Hmm, could it be that the replace operation you're doing is too late in the flow? When the script meets a filename with a dollar sign in it, what is the value of i? Does it still contain the dollar sign char?

My line of thought is, maybe the dollar sign is being removed when you do tmpcue="${i:r}" and is not present at tmpcue="${tmpcue//$/\\$}". So maybe doing...
code:
i="${i//$/\\$}" //Maybe i="${i/$/\\$}"
tmpcue="${i:r}"
...would work?

RPATDO_LAMD
Mar 22, 2013

🐘🪠🍆

cheetah7071 posted:

this is an idle curiosity more than something truly important but: what is the actual algorithm for dynamic memory allocation? When I call new or malloc, what does the assembly that generates actually do?

I assume it uses a heap data structure but when I try to google it I get lots of articles about the advantages and disadvantages of dynamic memory, and about the heap data structure (which I assume is the data structure that the heap uses because of the name, though it's not clear to me how that data structure would be helpful for the problem), which are far more useful but don't satisfy my idle curiosity on a topic whose answer is essentially meaningless to me

e: and of course immediately after hitting post I stumble on the right term to google to get useful answers, though I'm still interested in hearing more easy-to-understand answers than technical papers

It's typically an intrusive linked list, or more often a collection of several linked lists containing free chunks of different sizes.
You might have one linked list each for memory chunks of 16, 32, 64, etc etc bytes and just hand out the smallest size that fits what the caller needs. If a caller allocates close to 512 bytes, you just pull an arbitrary node outta the 512-byte free list. Different allocators will have different strategies for how they choose this arbitrary node to achieve goals like keeping cache locality for back-to-back allocations or minimizing fragmentation or etc etc.
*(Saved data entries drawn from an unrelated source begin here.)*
Lemma ae_le_of_Rintegral_preimage_le E f g : measurable E ->
  measurable_fun setT f -> measurable_fun setT g ->
  P.-integrable E (EFin \o (f \o W)) -> P.-integrable E (EFin \o (g \o W)) ->
  (forall B, measurable B ->
    \int[P]_(t in E `&` W @^-1` B) f (W t) <= \int[P]_(t in E `&` W @^-1` B) g (W t)) ->
  {ae P, forall t, E t -> f (W t) <= g (W t)}.
Proof.
move=> mE mf mg fi gi fg.
have mB : measurable (~` [set x | f x <= g x]).
  by apply: measurableC; exact: measurable_ler_set.
pose M := E `&` W @^-1` (~` [set x | f x <= g x]).
have mM : measurable M by exact: measurable_setI_preimage.
have PM0 : P M = 0%E.
  apply: (@measure0_Rintegral_gt0 _ _ _ P M (fun t => f (W t) - g (W t))) => //.
  - by apply: integrableB_EFin => //; exact: integrable_setI_preimage.
  - rewrite RintegralB ?subr_le0 ?fg //; exact: integrable_setI_preimage.
  - by apply: aeW => t [_ /=]; rewrite subr_gt0 ltNge => /negP.
by exists M; split => // t /= /not_implyP[Et nfg]; split.
Qed.

Lemma ae_eq_of_Rintegral_preimage_eq E f g : measurable E ->
  measurable_fun setT f -> measurable_fun setT g ->
  P.-integrable E (EFin \o (f \o W)) -> P.-integrable E (EFin \o (g \o W)) ->
  (forall B, measurable B ->
    \int[P]_(t in E `&` W @^-1` B) f (W t) = \int[P]_(t in E `&` W @^-1` B) g (W t)) ->
  {ae P, forall t, E t -> f (W t) = g (W t)}.
Proof.
move=> mE mf mg fi gi fg.
have le_fg := ae_le_of_Rintegral_preimage_le mE mf mg fi gi
  (fun B mB => ltac:(by rewrite fg)).
have le_gf := ae_le_of_Rintegral_preimage_le mE mg mf gi fi
  (fun B mB => ltac:(by rewrite fg)).
by apply: filterS2 le_fg le_gf => t fgt gft Et; apply/le_anti; rewrite fgt ?gft.
Qed.

Lemma ae_dist_le_of_Rintegral_preimage E f g h : measurable E ->
  measurable_fun setT f -> measurable_fun setT g -> measurable_fun setT h ->
  P.-integrable E (EFin \o (f \o W)) -> P.-integrable E (EFin \o (g \o W)) ->
  P.-integrable E (EFin \o (h \o W)) ->
  (forall B, measurable B ->
    `|\int[P]_(t in E `&` W @^-1` B) f (W t) - \int[P]_(t in E `&` W @^-1` B) g (W t)|
      <= \int[P]_(t in E `&` W @^-1` B) h (W t)) ->
  {ae P, forall t, E t -> `|f (W t) - g (W t)| <= h (W t)}.
Proof.
move=> mE mf mg mh fi gi hi fgh.
have RintB B f1 f2 : measurable B ->
    P.-integrable E (EFin \o (f1 \o W)) -> P.-integrable E (EFin \o (f2 \o W)) ->
    \int[P]_(t in E `&` W @^-1` B) (f1 (W t) - f2 (W t)) =
    \int[P]_(t in E `&` W @^-1` B) f1 (W t) - \int[P]_(t in E `&` W @^-1` B) f2 (W t).
  by move=> mB f1i f2i; apply: RintegralB;
    [exact: measurable_setI_preimage | exact: integrable_setI_preimage ..].
have le_fg := @ae_le_of_Rintegral_preimage_le E (fun x => f x - g x) h mE
  (measurable_funB mf mg) mh (integrableB_EFin mE fi gi) hi
  (fun B mB => ltac:(by rewrite RintB //; move: (fgh B mB); rewrite ler_norml => /andP[])).
have le_gf := @ae_le_of_Rintegral_preimage_le E (fun x => g x - f x) h mE
  (measurable_funB mg mf) mh (integrableB_EFin mE gi fi) hi
  (fun B mB => ltac:(by rewrite RintB //; move: (fgh B mB);
     rewrite ler_norml lerNl opprB => /andP[])).
apply: filterS2 le_fg le_gf => t fgt gft Et.
by rewrite ler_norml lerNl opprB fgt ?gft.
Qed.
(* Let $s_0,s_1,s_2$ be the $3$-hyperbolic functions and let $\ell_\nu^-=\{t\zeta_\nu: t\le 0\}$ for $\nu=0,1,2$. Then none of $s_0,s_1,s_2$ vanishes on $\Omega=\mathbb{C}\setminus\bigcup_{\nu=0}^{2}\ell_\nu^-$; that is, every zero of each $s_k$ lies on one of the three rays $\ell_0^-,\ell_1^-,\ell_2^-$ (which are the bisectors of the three sectors into which the rays $\{t\zeta_\nu: t>0\}$ divide the plane).
   Context: Let $\zeta_m=e^{2\pi i m/3}$, $m=0,1,2$. The $3$-hyperbolic functions are $s_k(z)=\frac13\sum_{m=0}^{2}\zeta_m^{-k}e^{z\zeta_m}$, $k=0,1,2$, $z\in\mathbb{C}$. *)

From Stdlib Require Import Reals.
From Coquelicot Require Import Coquelicot.
Open Scope R_scope.

Definition cexp (z : C) : C :=
  (exp (Re z) * cos (Im z), exp (Re z) * sin (Im z)).

Definition zeta (m : nat) : C := cexp (RtoC 0 + Ci * RtoC (2 * PI * INR m / 3))%C.

Definition s (k : nat) (z : C) : C :=
  (/ RtoC 3 * (Cinv (Cpow (zeta 0) k) * cexp (z * zeta 0)
              + Cinv (Cpow (zeta 1) k) * cexp (z * zeta 1)
              + Cinv (Cpow (zeta 2) k) * cexp (z * zeta 2)))%C.

Definition on_neg_ray (nu : nat) (z : C) : Prop :=
  exists t : R, t <= 0 /\ z = (RtoC t * zeta nu)%C.

From Stdlib Require Import Reals Lra Lia Ratan.
From Coquelicot Require Import Coquelicot.
Open Scope R_scope.

(* Write [s_k z = 1/3 * sum_m e^(a_m) e^(i b_m)] with [a_m = Re (z zeta_m)] and
   [b_m = Im (z zeta_m) - 2 pi k m / 3], so that a zero of [s_k] is a closed
   triangle of three phasors. Suppose [a_j] is a strict maximum. Rotating so that
   phasors [j] and [n] are symmetric about the real axis and eliminating their
   common angle puts phasor [m] on the ellipse with semi-axes [e^(a_j) + e^(a_n)]
   and [e^(a_j) - e^(a_n)]. Modulo [pi], the offset of [b_m] from the bisector
   [(b_j + b_n) / 2] is [sqrt 3 / 2 * (a_j - a_n)], and this small offset forces the
   radius of the ellipse in that direction above [e^(a_n)]: so [a_n < a_m], and
   symmetrically [a_m < a_n]. Hence the maximum of the [a_m] is attained twice,
   which says exactly that [z] lies on one of the rays. *)

Lemma sin_sqr_le_sqr x : sin x ^ 2 <= x ^ 2.
Proof.
  assert (Hpos : forall u, 0 < u -> sin u ^ 2 <= u ^ 2).
  { intros u Hu. pose proof (sin_lt_x u Hu).
    destruct (Rle_lt_dec 1 u).
    - pose proof (SIN_bound u). nra.
    - assert (0 <= sin u) by (apply sin_ge_0; pose proof PI2_1; lra).
      nra. }
  destruct (Rtotal_order x 0) as [Hx|[Hx|Hx]].
  - replace (sin x ^ 2) with (sin (- x) ^ 2) by (rewrite sin_neg; ring).
    replace (x ^ 2) with ((- x) ^ 2) by ring. apply Hpos; lra.
  - subst. rewrite sin_0. lra.
  - apply Hpos; lra.
Qed.

Lemma sin_sqr_le_sqr_sub_IZR_PI w (n : Z) : sin w ^ 2 <= (w - IZR n * PI) ^ 2.
Proof.
  assert (Hs : sin (IZR n * PI) = 0) by (apply sin_eq_0_1; eauto).
  assert (Hc : cos (IZR n * PI) ^ 2 = 1).
  { pose proof (sin2_cos2 (IZR n * PI)) as P. unfold Rsqr in P. rewrite Hs in P. lra. }
  replace (sin w ^ 2) with (sin (w - IZR n * PI) ^ 2).
  - apply sin_sqr_le_sqr.
  - rewrite sin_minus, Hs. transitivity (sin w ^ 2 * cos (IZR n * PI) ^ 2); [ring|].
    rewrite Hc. ring.
Qed.

Lemma rotation_eq0 c s A B :
  c ^ 2 + s ^ 2 = 1 -> c * A - s * B = 0 -> s * A + c * B = 0 -> A = 0 /\ B = 0.
Proof.
  intros Hcs H1 H2. split.
  - transitivity (A * (c ^ 2 + s ^ 2)); [rewrite Hcs; ring|].
    transitivity (c * (c * A - s * B) + s * (s * A + c * B)); [ring|]. rewrite H1, H2. ring.
  - transitivity (B * (c ^ 2 + s ^ 2)); [rewrite Hcs; ring|].
    transitivity (c * (s * A + c * B) - s * (c * A - s * B)); [ring|]. rewrite H1, H2. ring.
Qed.

Lemma phasors_rotate Ej Em En g th r :
  Ej * cos (g - th) + Em * cos (g + r) + En * cos (g + th) = 0 ->
  Ej * sin (g - th) + Em * sin (g + r) + En * sin (g + th) = 0 ->
  (Ej + En) * cos th + Em * cos r = 0 /\ (En - Ej) * sin th + Em * sin r = 0.
Proof.
  intros H1 H2. apply (rotation_eq0 (cos g) (sin g)).
  - pose proof (sin2_cos2 g) as P. unfold Rsqr in P. lra.
  - rewrite <- H1, cos_minus, !cos_plus. ring.
  - rewrite <- H2, sin_minus, !sin_plus. ring.
Qed.

(* Eliminating [th]: the point [-Em e^{ir}] lies on the ellipse with semi-axes
   [Ej + En] and [Ej - En]. *)
Lemma ellipse_identity Ej Em En th r :
  (Ej + En) * cos th + Em * cos r = 0 -> (En - Ej) * sin th + Em * sin r = 0 ->
  (Ej ^ 2 - En ^ 2) ^ 2 = Em ^ 2 * ((Ej - En) ^ 2 + 4 * Ej * En * sin r ^ 2).
Proof.
  intros Hc Hs.
  pose proof (sin2_cos2 th) as Pth. pose proof (sin2_cos2 r) as Pr. unfold Rsqr in Pth, Pr.
  assert (HC : Em * cos r = - ((Ej + En) * cos th)) by lra.
  assert (HS : Em * sin r = (Ej - En) * sin th) by lra.
  transitivity ((Ej ^ 2 - En ^ 2) ^ 2 * (sin th * sin th + cos th * cos th)); [rewrite Pth; ring|].
  transitivity (Em ^ 2 * ((Ej - En) ^ 2 * (sin r * sin r + cos r * cos r) + 4 * Ej * En * sin r ^ 2));
    [|rewrite Pr; ring].
  transitivity ((Ej - En) ^ 2 * (Em * cos r) ^ 2 + (Ej + En) ^ 2 * (Em * sin r) ^ 2); [|ring].
  rewrite HC, HS. ring.
Qed.

Lemma exp_sub1_sqr_bound q S :
  0 < q -> S ^ 2 <= 3 / 4 * q ^ 2 -> 4 * S ^ 2 < (exp q - 1) ^ 2 * (exp q + 2).
Proof.
  intros Hq HS. pose proof (exp_ineq1 q (Rgt_not_eq _ _ Hq)).
  assert (q ^ 2 < (exp q - 1) ^ 2) by nra.
  assert (0 < q ^ 2) by nra.
  nra.
Qed.

Lemma ellipse_radius_gt En E S :
  0 < En -> 1 < E -> 4 * S ^ 2 < (E - 1) ^ 2 * (E + 2) ->
  En ^ 2 * ((En * E - En) ^ 2 + 4 * (En * E) * En * S ^ 2) < ((En * E) ^ 2 - En ^ 2) ^ 2.
Proof.
  intros HEn HE HS.
  replace (En ^ 2 * ((En * E - En) ^ 2 + 4 * (En * E) * En * S ^ 2))
    with (En ^ 4 * ((E - 1) ^ 2 + E * (4 * S ^ 2))) by ring.
  replace (((En * E) ^ 2 - En ^ 2) ^ 2)
    with (En ^ 4 * ((E - 1) ^ 2 + E * ((E - 1) ^ 2 * (E + 2)))) by ring.
  apply Rmult_lt_compat_l; [apply pow_lt; lra|].
  apply Rplus_lt_compat_l, Rmult_lt_compat_l; lra.
Qed.

Lemma phasors_sum0_lt aj am an bj bm bn :
  exp aj * cos bj + exp am * cos bm + exp an * cos bn = 0 ->
  exp aj * sin bj + exp am * sin bm + exp an * sin bn = 0 ->
  an < aj -> sin (bm - (bj + bn) / 2) ^ 2 <= 3 / 4 * (aj - an) ^ 2 -> an < am.
Proof.
  intros H1 H2 Hjn Hgap.
  set (g := (bj + bn) / 2) in Hgap. set (r := bm - g) in Hgap. set (th := (bn - bj) / 2).
  assert (Hj : bj = g - th) by (unfold g, th; field).
  assert (Hn : bn = g + th) by (unfold g, th; field).
  assert (Hm : bm = g + r) by (unfold r; ring).
  clearbody g r th. rewrite Hj, Hm, Hn in H1, H2.
  destruct (phasors_rotate _ _ _ _ _ _ H1 H2) as [Hre Him].
  pose proof (ellipse_identity _ _ _ _ _ Hre Him) as Hell.
  apply Rnot_le_lt. intros Hmn.
  assert (HEj : exp aj = exp an * exp (aj - an)) by (rewrite <- exp_plus; f_equal; ring).
  assert (HEm : exp am <= exp an)
    by (destruct Hmn as [Hlt|Heq]; [left; apply exp_increasing; exact Hlt|rewrite Heq; lra]).
  assert (HE : 1 < exp (aj - an)) by (pose proof (exp_ineq1_le (aj - an)); lra).
  assert (Hlt := ellipse_radius_gt (exp an) (exp (aj - an)) (sin r) (exp_pos an) HE
                   (exp_sub1_sqr_bound (aj - an) (sin r) ltac:(lra) Hgap)).
  rewrite <- HEj in Hlt.
  assert (0 <= (exp aj - exp an) ^ 2 + 4 * exp aj * exp an * sin r ^ 2).
  { pose proof (exp_pos aj). pose proof (exp_pos an).
    assert (0 <= exp aj * exp an * sin r ^ 2) by (apply Rmult_le_pos; nra).
    nra. }
  assert (exp am ^ 2 <= exp an ^ 2) by (pose proof (exp_pos am); nra).
  assert (exp am ^ 2 * ((exp aj - exp an) ^ 2 + 4 * exp aj * exp an * sin r ^ 2)
          <= exp an ^ 2 * ((exp aj - exp an) ^ 2 + 4 * exp aj * exp an * sin r ^ 2))
    by (apply Rmult_le_compat_r; assumption).
  lra.
Qed.

Lemma phasors_sum0_no_strict_max aj am an bj bm bn :
  exp aj * cos bj + exp am * cos bm + exp an * cos bn = 0 ->
  exp aj * sin bj + exp am * sin bm + exp an * sin bn = 0 ->
  sin (bm - (bn + bj) / 2) ^ 2 <= 3 / 4 * (an - aj) ^ 2 ->
  sin (bn - (bj + bm) / 2) ^ 2 <= 3 / 4 * (aj - am) ^ 2 ->
  ~ (am < aj /\ an < aj).
Proof.
  intros H1 H2 Gm Gn [Hm Hn].
  replace (bn + bj) with (bj + bn) in Gm by ring.
  replace ((an - aj) ^ 2) with ((aj - an) ^ 2) in Gm by ring.
  assert (an < am) by exact (phasors_sum0_lt aj am an bj bm bn H1 H2 Hn Gm).
  assert (am < an) by (apply (phasors_sum0_lt aj an am bj bn bm); [lra|lra|lra|exact Gn]).
  lra.
Qed.

Lemma phasors_sum0_max_attained_twice a0 a1 a2 b0 b1 b2 :
  exp a0 * cos b0 + exp a1 * cos b1 + exp a2 * cos b2 = 0 ->
  exp a0 * sin b0 + exp a1 * sin b1 + exp a2 * sin b2 = 0 ->
  sin (b0 - (b1 + b2) / 2) ^ 2 <= 3 / 4 * (a1 - a2) ^ 2 ->
  sin (b1 - (b2 + b0) / 2) ^ 2 <= 3 / 4 * (a2 - a0) ^ 2 ->
  sin (b2 - (b0 + b1) / 2) ^ 2 <= 3 / 4 * (a0 - a1) ^ 2 ->
  (a1 = a2 /\ a0 <= a1) \/ (a2 = a0 /\ a1 <= a2) \/ (a0 = a1 /\ a2 <= a0).
Proof.
  intros H1 H2 G0 G1 G2.
  assert (N0 := phasors_sum0_no_strict_max a0 a1 a2 b0 b1 b2 H1 H2 G1 G2).
  assert (N1 := phasors_sum0_no_strict_max a1 a2 a0 b1 b2 b0 ltac:(lra) ltac:(lra) G2 G0).
  assert (N2 := phasors_sum0_no_strict_max a2 a0 a1 b2 b0 b1 ltac:(lra) ltac:(lra) G0 G1).
  destruct (Rtotal_order a1 a2) as [h1|[h1|h1]];
  destruct (Rtotal_order a2 a0) as [h2|[h2|h2]];
  destruct (Rtotal_order a0 a1) as [h3|[h3|h3]];
  first [ left; split; lra | right; left; split; lra | right; right; split; lra
        | exfalso; lra
        | exfalso; apply N0; split; lra | exfalso; apply N1; split; lra
        | exfalso; apply N2; split; lra ].
Qed.

Definition theta (m : nat) : R := 2 * PI * INR m / 3.

Definition term_logabs (z : C) (m : nat) : R := Re (z * zeta m).

Definition term_arg (k : nat) (z : C) (m : nat) : R := Im (z * zeta m) - INR k * theta m.

Lemma zeta_polar m : zeta m = (cos (theta m), sin (theta m)).
Proof.
  unfold zeta, cexp, theta, Re, Im, Cplus, Cmult, Ci, RtoC; simpl.
  replace (0 + (0 * (2 * PI * INR m / 3) - 1 * 0)) with 0 by ring.
  replace (0 + (0 * 0 + 1 * (2 * PI * INR m / 3))) with (2 * PI * INR m / 3) by ring.
  rewrite exp_0. f_equal; ring.
Qed.

Lemma Cpow_polar a n : Cpow (cos a, sin a) n = (cos (INR n * a), sin (INR n * a)).
Proof.
  induction n as [|n IHn].
  - simpl. rewrite Rmult_0_l, cos_0, sin_0. reflexivity.
  - simpl Cpow. rewrite IHn, S_INR.
    replace ((INR n + 1) * a) with (a + INR n * a) by ring.
    rewrite cos_plus, sin_plus. unfold Cmult; simpl. f_equal; ring.
Qed.

Lemma Cinv_polar a : Cinv (cos a, sin a) = (cos (- a), sin (- a)).
Proof.
  unfold Cinv; simpl. pose proof (sin2_cos2 a) as P. unfold Rsqr in P.
  replace (cos a * (cos a * 1) + sin a * (sin a * 1)) with 1 by lra.
  rewrite cos_neg, sin_neg. apply injective_projections; simpl; field.
Qed.

Lemma s_term_polar k z m :
  (Cinv (Cpow (zeta m) k) * cexp (z * zeta m))%C =
  (exp (term_logabs z m) * cos (term_arg k z m), exp (term_logabs z m) * sin (term_arg k z m)).
Proof.
  unfold term_logabs, term_arg, cexp. generalize (z * zeta m)%C. intros [u v].
  rewrite zeta_polar, Cpow_polar, Cinv_polar. unfold Cmult; simpl.
  unfold Rminus. rewrite cos_plus, sin_plus. f_equal; ring.
Qed.

Lemma s_eq0_phasors k z :
  s k z = RtoC 0 ->
  exp (term_logabs z 0) * cos (term_arg k z 0) + exp (term_logabs z 1) * cos (term_arg k z 1)
    + exp (term_logabs z 2) * cos (term_arg k z 2) = 0 /\
  exp (term_logabs z 0) * sin (term_arg k z 0) + exp (term_logabs z 1) * sin (term_arg k z 1)
    + exp (term_logabs z 2) * sin (term_arg k z 2) = 0.
Proof.
  unfold s. rewrite !s_term_polar. intros H.
  unfold Cinv, Cmult, Cplus, RtoC in H; simpl in H. injection H as Hre Him.
  split; field_simplify in Hre; field_simplify in Him; lra.
Qed.

Lemma theta_0 : theta 0 = 0.
Proof. unfold theta; simpl; field. Qed.

Lemma theta_1 : theta 1 = 2 * (PI / 3).
Proof. unfold theta; simpl; field. Qed.

Lemma theta_2 : theta 2 = PI / 3 + PI.
Proof. unfold theta; simpl; field. Qed.

Lemma zeta_0 : zeta 0 = (1, 0).
Proof. rewrite zeta_polar, theta_0, cos_0, sin_0. reflexivity. Qed.

Lemma zeta_1 : zeta 1 = (-1 / 2, sqrt 3 / 2).
Proof. rewrite zeta_polar, theta_1, cos_2PI3, sin_2PI3. reflexivity. Qed.

Lemma zeta_2 : zeta 2 = (-1 / 2, - (sqrt 3 / 2)).
Proof.
  rewrite zeta_polar, theta_2, neg_cos, neg_sin, cos_PI3, sin_PI3.
  f_equal; field.
Qed.

Lemma sqrt3_sqr : sqrt 3 * sqrt 3 = 3.
Proof. apply sqrt_sqrt; lra. Qed.

Ltac unfold_terms :=
  unfold term_arg, term_logabs;
  rewrite ?zeta_0, ?zeta_1, ?zeta_2, ?theta_0, ?theta_1, ?theta_2;
  unfold Cmult, Re, Im; simpl.

Lemma sin_sqr_term_arg_gap_0 k x y :
  sin (term_arg k (x, y) 0 - (term_arg k (x, y) 1 + term_arg k (x, y) 2) / 2) ^ 2
  <= 3 / 4 * (term_logabs (x, y) 1 - term_logabs (x, y) 2) ^ 2.
Proof.
  eapply Rle_trans; [apply (sin_sqr_le_sqr_sub_IZR_PI _ (Z.of_nat k))|].
  rewrite <- INR_IZR_INZ. unfold_terms. pose proof sqrt3_sqr. nra.
Qed.

Lemma sin_sqr_term_arg_gap_1 k x y :
  sin (term_arg k (x, y) 1 - (term_arg k (x, y) 2 + term_arg k (x, y) 0) / 2) ^ 2
  <= 3 / 4 * (term_logabs (x, y) 2 - term_logabs (x, y) 0) ^ 2.
Proof.
  eapply Rle_trans; [apply (sin_sqr_le_sqr_sub_IZR_PI _ 0)|].
  unfold_terms. pose proof sqrt3_sqr. nra.
Qed.

Lemma sin_sqr_term_arg_gap_2 k x y :
  sin (term_arg k (x, y) 2 - (term_arg k (x, y) 0 + term_arg k (x, y) 1) / 2) ^ 2
  <= 3 / 4 * (term_logabs (x, y) 0 - term_logabs (x, y) 1) ^ 2.
Proof.
  eapply Rle_trans; [apply (sin_sqr_le_sqr_sub_IZR_PI _ (- Z.of_nat k))|].
  rewrite opp_IZR, <- INR_IZR_INZ. unfold_terms. pose proof sqrt3_sqr. nra.
Qed.

Lemma on_neg_ray_of_term_logabs_ties x y :
  (term_logabs (x, y) 1 = term_logabs (x, y) 2 /\ term_logabs (x, y) 0 <= term_logabs (x, y) 1)
  \/ (term_logabs (x, y) 2 = term_logabs (x, y) 0 /\ term_logabs (x, y) 1 <= term_logabs (x, y) 2)
  \/ (term_logabs (x, y) 0 = term_logabs (x, y) 1 /\ term_logabs (x, y) 2 <= term_logabs (x, y) 0) ->
  exists nu : nat, (nu <= 2)%nat /\ on_neg_ray nu (x, y).
Proof.
  unfold_terms. pose proof sqrt3_sqr.
  assert (Hsqrt3 : 0 < sqrt 3) by (apply sqrt_lt_R0; lra).
  intros [[H12 H0]|[[H20 H1]|[H01 H2]]].
  - assert (Hy : y = 0) by nra.
    exists 0%nat. split; [lia|]. exists x. split; [lra|].
    rewrite zeta_0. unfold Cmult, RtoC; simpl. f_equal; lra.
  - assert (Hy : y = sqrt 3 * x) by nra.
    exists 2%nat. split; [lia|]. exists (-2 * x). split; [lra|].
    rewrite zeta_2. unfold Cmult, RtoC; simpl. f_equal; lra.
  - assert (Hy : y = - sqrt 3 * x) by nra.
    exists 1%nat. split; [lia|]. exists (-2 * x). split; [lra|].
    rewrite zeta_1. unfold Cmult, RtoC; simpl. f_equal; lra.
Qed.

Theorem proposition5p1 :
  forall (k : nat) (z : C), (k <= 2)%nat ->
    s k z = RtoC 0 ->
    exists nu : nat, (nu <= 2)%nat /\ on_neg_ray nu z.
Proof.
  intros k [x y] _ Hs.
  destruct (s_eq0_phasors k (x, y) Hs) as [Hre Him].
  apply on_neg_ray_of_term_logabs_ties.
  exact (phasors_sum0_max_attained_twice _ _ _ _ _ _ Hre Him
           (sin_sqr_term_arg_gap_0 k x y) (sin_sqr_term_arg_gap_1 k x y)
           (sin_sqr_term_arg_gap_2 k x y)).
Qed.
You also need logic for handling splitting up chunks of memory (e.g. if you only have 512-byte chunks left and a user tries to allocate 32 bytes, you don't want to waste tons of memory) and for coalescing adjacent small chunks back together into big chunks again (e.g. after the user allocates and frees a few thousand 32-byte objects, they might try to allocate a 512-byte object again, which means you need some efficient logic that can figure out when a bunch of smaller chunks of free memory are all adjacent and can be combined into one larger chunk). And if you're totally out of memory you grab another memory page from the OS/kernel.

I had to write a little toy memory allocator for my data structures class, although it only had to deal with one size of allocation so I didn't get into all the crunchy memory coalescing algorithms.

For example here is the struct glibc's malloc.c uses:
code:
/*
  This struct declaration is misleading (but accurate and necessary).
  It declares a "view" into memory allowing access to necessary
  fields at known offsets from a given base. See explanation below.
*/

struct malloc_chunk {

  INTERNAL_SIZE_T      mchunk_prev_size;  /* Size of previous chunk (if free).  */
  INTERNAL_SIZE_T      mchunk_size;       /* Size in bytes, including overhead. */

  struct malloc_chunk* fd;         /* double links -- used only if free. */
  struct malloc_chunk* bk;

  /* Only used for large blocks: pointer to next larger size.  */
  struct malloc_chunk* fd_nextsize; /* double links -- used only if free. */
  struct malloc_chunk* bk_nextsize;
};
It keeps free memory in a doubly-linked list. Note that the next and previous pointers are in the same memory area that the user would normally write to. That block of allocated memory just gets reinterpreted as a malloc_chunk when malloc actually touches it. So if you write to a pointer after freeing it, you will actually be clobbering the internal linked-list pointers and corrupting the heap, which is why use-after-free can be so catastrophic.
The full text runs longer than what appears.